(* Let $\mathbb{F}$ be a finite field with $q$ elements, let $\mathbb{M}$ be the group of complex-valued characters of $\mathbb{F}^*$, and define for $\alpha,\beta\in\mathbb{M}$ \[ \mathbb{J}(\alpha,\beta)=\frac{1}{q-1}\sum_{\substack{x+y=1,\\ x,y\in\mathbb{F}^*}}\alpha(x)\beta(y). \] Then for all $\alpha_1,\alpha_2,\alpha_3,\alpha_4\in\mathbb{M}$, \[ \sum_{\beta\in\mathbb{M}}\mathbb{J}(\alpha_1\beta,\alpha_2\beta^{-1})\,\mathbb{J}(\alpha_3\beta,\alpha_4\beta^{-1})=\mathbb{J}(\alpha_1\alpha_4,\alpha_2\alpha_3). \]
   Context: Products and inverses of characters are pointwise. *)

From mathcomp Require Import all_boot all_algebra all_fingroup all_field all_character.
Set Implicit Arguments. Unset Strict Implicit. Unset Printing Implicit Defensive.
Import GRing.Theory Num.Theory.
Local Open Scope ring_scope.

(* The multiplicative group F^* of a finite field F is the finGroupType {unit F};
   its characters are class functions on [set: {unit F}] (values in algC). *)
Notation Fstar F := [set: {unit F}].

Definition jacobiJ (F : finFieldType) (a b : {unit F} -> algC) : algC :=
  ((#|F|.-1)%:R)^-1 *
  \sum_(x : {unit F}) \sum_(y : {unit F} | val x + val y == 1) a x * b y.

From mathcomp Require Import all_boot all_algebra all_fingroup all_field all_character.
From mathcomp Require Import cyclic ring.
Import GRing.Theory Num.Theory.
Local Open Scope ring_scope.

(* Expanding both Jacobi sums, the sum over beta of beta(x u) / beta(y v) is
   (q-1) [x u = y v] by column orthogonality for the abelian group F^*. On the
   line x + y = 1 = u + v, the equation x u = y v reads x + u = 1, i.e.
   (u, v) = (y, x), so the double sum collapses onto the diagonal terms
   alpha1(x) alpha2(y) alpha3(y) alpha4(x), which add up to
   (q-1) J(alpha1 alpha4, alpha2 alpha3). *)

Lemma sum_irr_mulV_abelian (gT : finGroupType) (G : {group gT}) (x y : gT) :
  abelian G -> x \in G -> y \in G ->
  \sum_(i : Iirr G) 'chi_i x * ('chi_i y)^-1 = #|G|%:R *+ (x == y).
Proof.
move=> cGG Gx Gy; have lin_irr := char_abelianP G cGG.
rewrite eq_mulgV1 -cfRegE cfReg_sum sum_cfunE; apply: eq_bigr => i _.
by rewrite cfunE lin_char1 // mul1r lin_charM ?groupV // lin_charV.
Qed.

Lemma mul_eq_on_line (R : comPzRingType) (x y u v : R) :
  x + y = 1 -> u + v = 1 -> (x * u == y * v) = ((u, v) == (y, x)).
Proof.
move=> /(canRL (addKr x)) -> /(canRL (addKr u)) ->.
have -> : (- x + 1) * (- u + 1) = x * u - (x + u - 1) by ring.
rewrite xpair_eqE -[X in X == _]subr0 (inj_eq (addrI _)) eqr_opp eq_sym subr_eq0.
apply/eqP/andP => [<- | [/eqP -> _]]; last exact: addNKr.
by rewrite addKr addrC addrK.
Qed.

Section JacobiSum.

Variable F : finFieldType.
Local Notation U := {unit F}.

Definition unit_line : pred (U * U) := [pred p | val p.1 + val p.2 == 1].

Lemma jacobiJ_line (a b : U -> algC) :
  jacobiJ a b = #|Fstar F|%:R^-1 * \sum_(p | unit_line p) a p.1 * b p.2.
Proof. by rewrite /jacobiJ pair_big_dep card_finField_unit. Qed.

Lemma abelian_units : abelian (Fstar F).
Proof. exact/cyclic_abelian/field_unit_group_cyclic. Qed.

Lemma mulg_eq_on_unit_line (p r : U * U) : unit_line p -> unit_line r ->
  ((p.1 * r.1)%g == (p.2 * r.2)%g) = (r == (p.2, p.1)).
Proof.
move=> /eqP line_p /eqP line_r.
by rewrite -val_eqE /= mul_eq_on_line // !xpair_eqE -!val_eqE.
Qed.

Lemma jacobiJ_convolution (a1 a2 a3 a4 : U -> algC) :
  \sum_(i : Iirr (Fstar F))
     jacobiJ (fun x => a1 x * 'chi_i x) (fun x => a2 x * ('chi_i x)^-1) *
     jacobiJ (fun x => a3 x * 'chi_i x) (fun x => a4 x * ('chi_i x)^-1)
  = jacobiJ (fun x => a1 x * a4 x) (fun x => a2 x * a3 x).
Proof.
set n : algC := #|Fstar F|%:R.
have n_neq0 : n != 0 by rewrite pnatr_eq0 -lt0n cardG_gt0.
pose c (p r : U * U) := a1 p.1 * a2 p.2 * a3 r.1 * a4 r.2.
have chiM (i : Iirr (Fstar F)) (p r : U * U) :
    a1 p.1 * 'chi_i p.1 * (a2 p.2 * ('chi_i p.2)^-1) *
    (a3 r.1 * 'chi_i r.1 * (a4 r.2 * ('chi_i r.2)^-1))
    = c p r * ('chi_i (p.1 * r.1)%g * ('chi_i (p.2 * r.2)%g)^-1).
  have lin_i := char_abelianP _ abelian_units i.
  by rewrite !lin_charM ?in_setT // invfM /c; ring.
transitivity (n^-1 * n^-1 * \sum_(p | unit_line p) \sum_(r | unit_line r)
                c p r * (n *+ ((p.1 * r.1)%g == (p.2 * r.2)%g))).
  under eq_bigr => i _ do rewrite !jacobiJ_line mulrACA big_distrlr.
  rewrite -mulr_sumr exchange_big; congr (_ * _); apply: eq_bigr => p _.
  rewrite exchange_big; apply: eq_bigr => r _.
  rewrite -sum_irr_mulV_abelian ?in_setT //; last exact: abelian_units.
  by rewrite mulr_sumr; apply: eq_bigr => i _; apply: chiM.
rewrite jacobiJ_line -/n -mulrA; congr (_ * _); rewrite mulr_sumr.
apply: eq_bigr => p line_p.
under eq_bigr => r line_r do rewrite mulg_eq_on_unit_line // mulrnAr -mulrnAl.
rewrite -mulr_suml; under eq_bigr => r _ do rewrite mulrb.
rewrite -big_mkcondr (big_pred1 (p.2, p.1)) => [|r]; last first.
  by apply: andb_idl => /eqP ->; rewrite /unit_line /= addrC.
by rewrite mulrC mulfK // /c /=; ring.
Qed.

End JacobiSum.

Theorem mainTheorem4 (F : finFieldType) (a1 a2 a3 a4 : 'CF(Fstar F))
  (h1 : a1 \is a linear_char) (h2 : a2 \is a linear_char)
  (h3 : a3 \is a linear_char) (h4 : a4 \is a linear_char) :
  \sum_(i : Iirr (Fstar F) | 'chi_i \is a linear_char)
     jacobiJ (fun x => a1 x * 'chi_i x) (fun x => a2 x * ('chi_i x)^-1) *
     jacobiJ (fun x => a3 x * 'chi_i x) (fun x => a4 x * ('chi_i x)^-1)
  = jacobiJ (fun x => a1 x * a4 x) (fun x => a2 x * a3 x).
Proof.
rewrite (eq_bigl xpredT) => [|i]; last exact/char_abelianP/abelian_units.
exact: jacobiJ_convolution.
Qed.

■ Problem requirements: Line count for "move": give the number of lines in the data above that include it, and nothing else.

■ Response to this exercise: 3